Since this is set to 10 one guess is that is some how excluding/filtering a large number of alignments.

ADD REPLY • link 8 months ago by GenoMax 147k

0

Entering edit mode

What do you suggest here? Should I remove this MAPQ_FILTER=10 parameter to get all alignments?

ADD REPLY • link 8 months ago by rj.rezwan ▴ 10

0

Entering edit mode

I don't know what else the perl script is doing but that would be worth a try.

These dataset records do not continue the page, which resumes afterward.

Lemma pi0_lim_word j : pi0 (lim_word j) = pi0 (lim_word 0).
Proof.
apply: functional_extensionality => k; rewrite /pi0.
have lt_j : k < size (word m j k.+1) := size_chain (word_grow j) k.+1.
have lt_0 : k < size (word m 0 (j + k).+1).
  exact: leq_trans (leq_addl j k : k < (j + k).+1) (size_chain (word_grow 0) _).
by rewrite (lim_word_fst lt_j) (lim_word_fst lt_0) add0n.
Qed.

Lemma strategy_wins : exists x, forall i, p2_response strategy m i x.
Proof.
exists (pi0 (lim_word 0)) => i; rewrite p2_responseE => j _.
exists (lim_word j); split; last exact: pi0_lim_word.
split; first exact: lim_word_code.
exact: (cyl_chain_lim d (word_prefix j) (word_grow j)).
Qed.
End LegalRun.

Lemma strong_choquet_of_codes : strong_choquet tau.
Proof.
split; first exact: inhabits (fun _ => s0).
exists strategy; split=> [m k | m legal]; first exact: strategy_legal.
exact: strategy_wins.
Qed.
End StrongChoquet.

Theorem theorem3p1
  (tau B : forall S : finType, pset (pset (nat -> S)))
  (Htop : forall S : finType, 1 < #|S| -> is_topology (tau S))
  (Hbasis : forall S : finType, 1 < #|S| -> is_basis (tau S) (B S))
  (P1 : forall S : finType, 1 < #|S| -> forall w : seq S, B S (cyl w))
  (P2 : forall S : finType, 1 < #|S| -> forall L1 L2,
      B S L1 -> B S L2 ->
      B S (fun x => L1 x \/ L2 x) /\ B S (fun x => L1 x /\ L2 x))
  (P3 : forall S G : finType, 1 < #|S| -> 1 < #|G| ->
      forall L, B (S * G)%type L -> B S (proj0 L))
  (P4 : forall S : finType, 1 < #|S| -> forall L, B S L ->
      exists C : pset (nat -> S * bool),
        B (S * bool)%type C /\
        (forall z, C z -> Pinf (pi1 z)) /\
        (exists F : pset (nat -> S * bool), cantor_closed F /\
           forall z, C z <-> (F z /\ Pinf (pi1 z))) /\
        (forall sigma, L sigma <-> proj0 C sigma)) :
  forall S : finType, 1 < #|S| -> strong_choquet (tau S).
Proof.
move=> S S2; have [s0 _] : exists s0 : S, true by apply/card_gt0P; exact: ltnW.
have S2b : 1 < #|{: S * bool}| by rewrite card_prod card_bool muln2 -addnn ltn_addr.
apply: (@strong_choquet_of_codes S s0 _ _ (B (S * bool)%type) (Hbasis S S2)).
- by move=> L1 L2 BL1 BL2; case: (P2 S S2 L1 L2 BL1 BL2).
- by move=> C; apply: P3; rewrite ?card_bool.
- by move=> C w BC; case: (P2 _ S2b C _ BC (P1 _ S2b w)).
- move=> L BL; have [C [BC [_ [[F [Fcl CF] LC]]]]] := P4 S S2 L BL.
  by exists C => //; split=> //; exists F.
Qed.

ADD REPLY • link 8 months ago by GenoMax 147k

0

Entering edit mode

here is the script of two_read_bam_combiner.pl

#!/usr/bin/perl
use strict;

MAIN : {
    my ($read1_bam, $read2_bam, $samtools, $mq) = @ARGV;

        if ( (! defined($read1_bam)) || (! defined($read2_bam)) ){
        die ("Usage: ./two_read_bam_combiner.pl <read 1 bam> <read 2 bam> <path to samtools> <minimum map quality filter>\n");
    }

    open(FILE1, "$samtools view -h $read1_bam |");
    open(FILE2, "$samtools view -h $read2_bam |");

    my $line1 = <FILE1>;
    my $line2 = <FILE2>;

    my $counter = 0;
    my $new_counter = 0;

    while (defined($line1)){
        if ($line1 =~ /^(\@)SQ/){
            if ($line1 ne $line2){
                print($line1);
                print($line2);
                die ("Inconsistent BAM headers. BAM files must be aligned to same reference.");
            }
            else{
                print($line1);
            }
            $line1 = <FILE1>;
            $line2 = <FILE2>;
            next;
        }

        $counter++;
        if ($counter == ($new_counter + 1000000)){
            print(STDERR $counter . "\n");
            $new_counter = $counter;
        }

        chomp $line1;
        chomp $line2;

        my ($id1, $flag1, $chr_from1, $loc_from1, $mapq1, $cigar1, $d1_1, $d2_1, $d3_1, $read1, $read_qual1, @rest1) = split(/\t/, $line1);
        my ($id2, $flag2, $chr_from2, $loc_from2, $mapq2, $cigar2, $d1_2, $d2_2, $d3_2, $read2, $read_qual2, @rest2) = split(/\t/, $line2);

        if ($id1 ne $id2){
            die ("The read id's of the two files do not match up at line number $counter. Files should be from the same sample and sorted in identical order.\n");
        }

        my $bin1 = reverse(dec2bin($flag1));
        my $bin2 = reverse(dec2bin($flag2));

        my @binary1 = split(//, $bin1);
        my @binary2 = split(//, $bin2);

        my $trouble = 0;
        if (($binary1[2] == 1) || ($mapq1 < $mq)){
            $trouble = 1;
        }
        if (($binary2[2]== 1) || ($mapq2 < $mq)) {
            $trouble = 1;
        }

        my $proper_pair1;
        my $proper_pair2;
        my $dist1;
        my $dist2;

        if (($binary1[2] == 0) && ($binary2[2] == 0)){
            $proper_pair1 = 1;
            $proper_pair2 = 1;
            if ($chr_from1 eq $chr_from2){
                my $dist = abs($loc_from1 - $loc_from2);
                if ($loc_from1 >= $loc_from2){
                    $dist1 = -1 * $dist;
                    $dist2 = $dist;
                }
                else{
                    $dist1 = $dist;
                    $dist2 = -1 * $dist;
                }
            }
            else{
                $dist1 = 0;
                $dist2 = 0;
            }
        }
        else{
            $proper_pair1 = 0;
            $proper_pair2 = 0;
            $dist1 = 0;
            $dist2 = 0;
        }

        my $new_bin1 = join("", "0" x 21, $binary1[10], $binary1[9], "001", $binary2[4], $binary1[4], $binary2[2], $binary1[2], $proper_pair1, "1");
        my $new_bin2 = join("", "0" x 21, $binary2[10], $binary2[9], "010", $binary1[4], $binary2[4], $binary1[2], $binary2[2], $proper_pair2, "1");

        my $new_flag1 = bin2dec($new_bin1);
        my $new_flag2 = bin2dec($new_bin2);

        unless ($trouble == 1){
            print(join("\t", $id1, $new_flag1, $chr_from1, $loc_from1, $mapq1, $cigar1, $chr_from2, $loc_from2, $dist1, $read1, $read_qual1, @rest1) . "\n");
            print(join("\t", $id2, $new_flag2, $chr_from2, $loc_from2, $mapq2, $cigar2, $chr_from1, $loc_from1, $dist2, $read2, $read_qual2, @rest2) . "\n");
        }
        $line1 = <FILE1>;
        $line2 = <FILE2>;
    }
}

sub dec2bin {
    return unpack("B32", pack("N", shift));
}

sub bin2dec {
    return unpack("N", pack("B32", substr("0" x 32 . shift, -32)));
}

ADD REPLY • link 8 months ago by rj.rezwan ▴ 10

0

Entering edit mode

Did you try the script without the filter? Did that restore the alignments in final file.